ENVIRONMENTAL POLICY AND PROCEDURES HANDBOOK

CHAPTER 50 - IMPLEMENTATION AND MONITORING

Exhibit 1

IMPLENTATATION PLAN/FILE

Items which may be included in an implementation plan might be:

1. Marking guides, including special paint color requirements, specific unit marking requirements, and snag recruitment marking recommendations.

2. Final silvicultural prescriptions.

3. Specific instructions for dealing with resource concerns. For example, T&E plant, a stream buffer, cave entrance, etc.

4. Road location maps.

5. Logging systems maps.

6. Design narratives (for developed recreation sites).

7. Habitat prescriptions (fuels).

FSH 8/86 GP SUPP NO. 3

53

ENVIRONMENTAL POLICY AND PROCEDURES HANDBOOK

CHAPTER 50 - IMPLEMENTATION AND MONITORING

53 - Monitoring. The following guidelines should be followed for timber sale projects. For projects other than timber sales, a similar approach should be identified in the planning process to ensure that actions called for in the approved environmental assessment are included in final project plans and contract documents.

1. It is a functional responsibility at the field level to ensure that functional monitoring activities required by the EA (water quality, CRM, etc.) are scheduled on a timely basis. If compliance with EA monitoring requirements is not possible, it is also their responsibility to amend the EA, documenting the reasons preventing monitoring and providing alternative approaches to fulfill the purpose and need for which the monitoring was identified.

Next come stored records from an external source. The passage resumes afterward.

Lemma bracket_loss01 l u y : 0 <= bracket_loss l u y <= 1.
Proof. by rewrite /bracket_loss le_min ge_min lexx orbT ler01 le_max lexx orbT. Qed.

Lemma bracket_loss_le l u f y : l <= f <= u -> bracket_loss l u y <= `|f - y|.
Proof.
case/andP=> lf fu; rewrite /bracket_loss ge_min; apply/orP; left.
rewrite !ge_max; have [fy|fy] := lerP 0 (f - y).
  by rewrite ger0_norm // -!andbA; apply/and3P; split; lra.
by rewrite ltr0_norm // -!andbA; apply/and3P; split; lra.
Qed.

Lemma loss_le_bracket_loss l u f y : 0 <= l -> l <= f <= u -> u <= 1 ->
  0 <= y <= 1 -> `|f - y| <= bracket_loss l u y + (u - l).
Proof.
move=> l0 /andP[lf fu] u1 /andP[y0 y1].
set M := Num.max (Num.max (l - y) (y - u)) 0.
have lyM : l - y <= M by rewrite !le_max lexx.
have yuM : y - u <= M by rewrite !le_max lexx orbT.
have -> : bracket_loss l u y = M.
  by apply/min_idPl; rewrite !ge_max -!andbA; apply/and3P; split; lra.
have [fy|fy] := lerP 0 (f - y); [rewrite ger0_norm //|rewrite ltr0_norm //]; lra.
Qed.

End bracket_loss.

(* e^(-x/100) <= 1 - x/101 on [0,1], from e^(x/100) >= 1 + x/100. *)
Lemma expR_small_le {R : realType} (x : R) : 0 <= x <= 1 ->
  expR (- (1/100) * x) <= 1 - x / 101.
Proof.
case/andP=> x0 x1.
have ex_gt0 : 0 < expR (x / 100) by exact: expR_gt0.
rewrite (_ : - (1/100) * x = - (x / 100)); last by field.
rewrite expRN -div1r ler_pdivrMr //.
have taylor : 1 + x / 100 <= expR (x / 100) by exact: expR_ge1Dx.
apply: le_trans (_ : 1 <= (1 - x / 101) * (1 + x / 100)) _; first nra.
by rewrite ler_wpM2l // subr_ge0 ler_pdivrMr //; lra.
Qed.
Lemma carry_stepE (b : nat) (d c s : int) : (0 < b)%N ->
  carry_step b d c s = ((c + s - d) %/ b%:Z)%Z.
Proof.
move=> b_gt0; rewrite /carry_step; set m := c + s - d.
have -> : c + s - (d + (m %% b%:Z)%Z) = m - (m %% b%:Z)%Z by rewrite /m; ring.
by rewrite {1}(divz_eq m b%:Z) addrK mulzK //; lia.
Qed.

Lemma digitX_lt (b n T : nat) (d : int) (w : {ffun 'I_T -> {ffun 'I_n -> 'I_b}})
    (i : nat) (iT : (i < T)%N) (k : 'I_n) :
  digitX d w i k = d + (w (Ordinal iT) k : nat)%:Z.
Proof. by rewrite /digitX (@insubT _ (fun j => (j < T)%N) _ i iT). Qed.

Lemma digitX_snoc (b n t : nat) (d : int) (f : {ffun 'I_t -> {ffun 'I_n -> 'I_b}})
    (x : {ffun 'I_n -> 'I_b}) (i : nat) (it : (i < t)%N) (k : 'I_n) :
  digitX d (ffun_snoc f x) i k = digitX d f i k.
Proof.
rewrite (digitX_lt _ _ (leqW it)) (digitX_lt _ _ it).
suff -> : Ordinal (leqW it) = lift ord_max (Ordinal it) by rewrite ffun_snoc_lift.
by apply: val_inj; rewrite /= /bump leqNgt it.
Qed.

Lemma digitX_snoc_last (b n t : nat) (d : int) (f : {ffun 'I_t -> {ffun 'I_n -> 'I_b}})
    (x : {ffun 'I_n -> 'I_b}) (k : 'I_n) :
  digitX d (ffun_snoc f x) t k = d + (x k : nat)%:Z.
Proof.
rewrite (digitX_lt _ _ (ltnSn t)).
by rewrite (_ : Ordinal _ = ord_max) ?ffun_snoc_last //; apply: val_inj.
Qed.

Lemma carry_at_snoc (b n t : nat) (d : int) (f : {ffun 'I_t -> {ffun 'I_n -> 'I_b}})
    (x : {ffun 'I_n -> 'I_b}) (s : nat) :
  (s <= t)%N -> carry_at d (ffun_snoc f x) s = carry_at d f s.
Proof.
elim: s => [|s IHs] st //=; rewrite IHs ?(ltnW st) //.
by congr carry_step; apply: eq_bigr => k _; apply: digitX_snoc.
Qed.

Lemma card_predE (T : finType) (P : pred T) : #|[pred x | P x]| = \sum_(x : T) (P x : nat).
Proof.
rewrite -sum1_card big_mkcond /=; apply: eq_bigr => x _.
by rewrite unfold_in; case: (P x).
Qed.
Lemma lucasU0 S P : lucasU 0 S P = 1.
Proof. by rewrite /lucasU big_ord1 /= bin0 mulr1 expr0 mulr1. Qed.

Lemma lucasU1 S P : lucasU 1 S P = S.
Proof.
rewrite /lucasU big_ord_recr big_ord1 /= subnn bin0 bin0n.
by rewrite !mul0r addr0 expr0 !mul1r expr1.
Qed.

(* Pascal's rule for the coefficients gives the defining recurrence. *)
Lemma lucasU_rec m S P :
  lucasU m.+2 S P = S * lucasU m.+1 S P - P * lucasU m S P.
Proof.
rewrite /lucasU big_ord_recl [X in S * X]big_ord_recl /= !bin0 !expr0 !mul1r.
rewrite mulrDr -exprS !subn0 -addrA; congr (_ + _).
rewrite big_ord_recr /= /bump /= add1n subnn bin0n mul0r mul0r addr0.
rewrite !mulr_sumr -sumrB; apply: eq_bigr => [[j Hj]] _ /=.
rewrite /bump /= !add1n.
have Hc : 'C(m.+2 - j.+1, j.+1) = ('C(m - j, j.+1) + 'C(m - j, j))%N.
  rewrite subSS; have -> : (m.+1 - j = (m - j).+1)%N by lia.
  by rewrite binS.
rewrite Hc natrD !exprS.
have -> : (m.+2 - 2 * j.+1 = m - 2 * j)%N by lia.
have -> : (m.+1 - j.+1 = m - j)%N by lia.
case: (ltnP (2 * j) m) => H.
  have -> : (m.+1 - 2 * j.+1 = (m - 2 * j).-1)%N by lia.
  have -> : S ^+ (m - 2 * j) = S * S ^+ (m - 2 * j).-1.
    by rewrite -exprS prednK //; lia.
  ring.
rewrite (@bin_small (m - j) j.+1); last by lia.
rewrite mul0r add0r; ring.
Qed.

Lemma lucasU_diff m (z w : R) :
  z ^+ m.+1 - w ^+ m.+1 = (z - w) * lucasU m (z + w) (z * w).
Proof.
apply: (lin_rec_eq (S := z + w) (P := z * w)
                   (s := fun i => z ^+ i.+1 - w ^+ i.+1)
                   (t := fun i => (z - w) * lucasU i (z + w) (z * w))).
- by move=> i; rewrite !exprS; ring.
- by move=> i /=; rewrite lucasU_rec; ring.
- by rewrite lucasU0 mulr1 !expr1.
- by rewrite lucasU1 !expr2; ring.
Qed.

2. As a part of the final inspection, the Forest Service Representative should check final results against project objectives and required mitigation actions. An on-the-ground review by the ID team should be conducted for at least one project per year on each Subunit.

3. The Gifford Pinchot timber sale audit process described in FSM 2403 must be part of the monitoring process.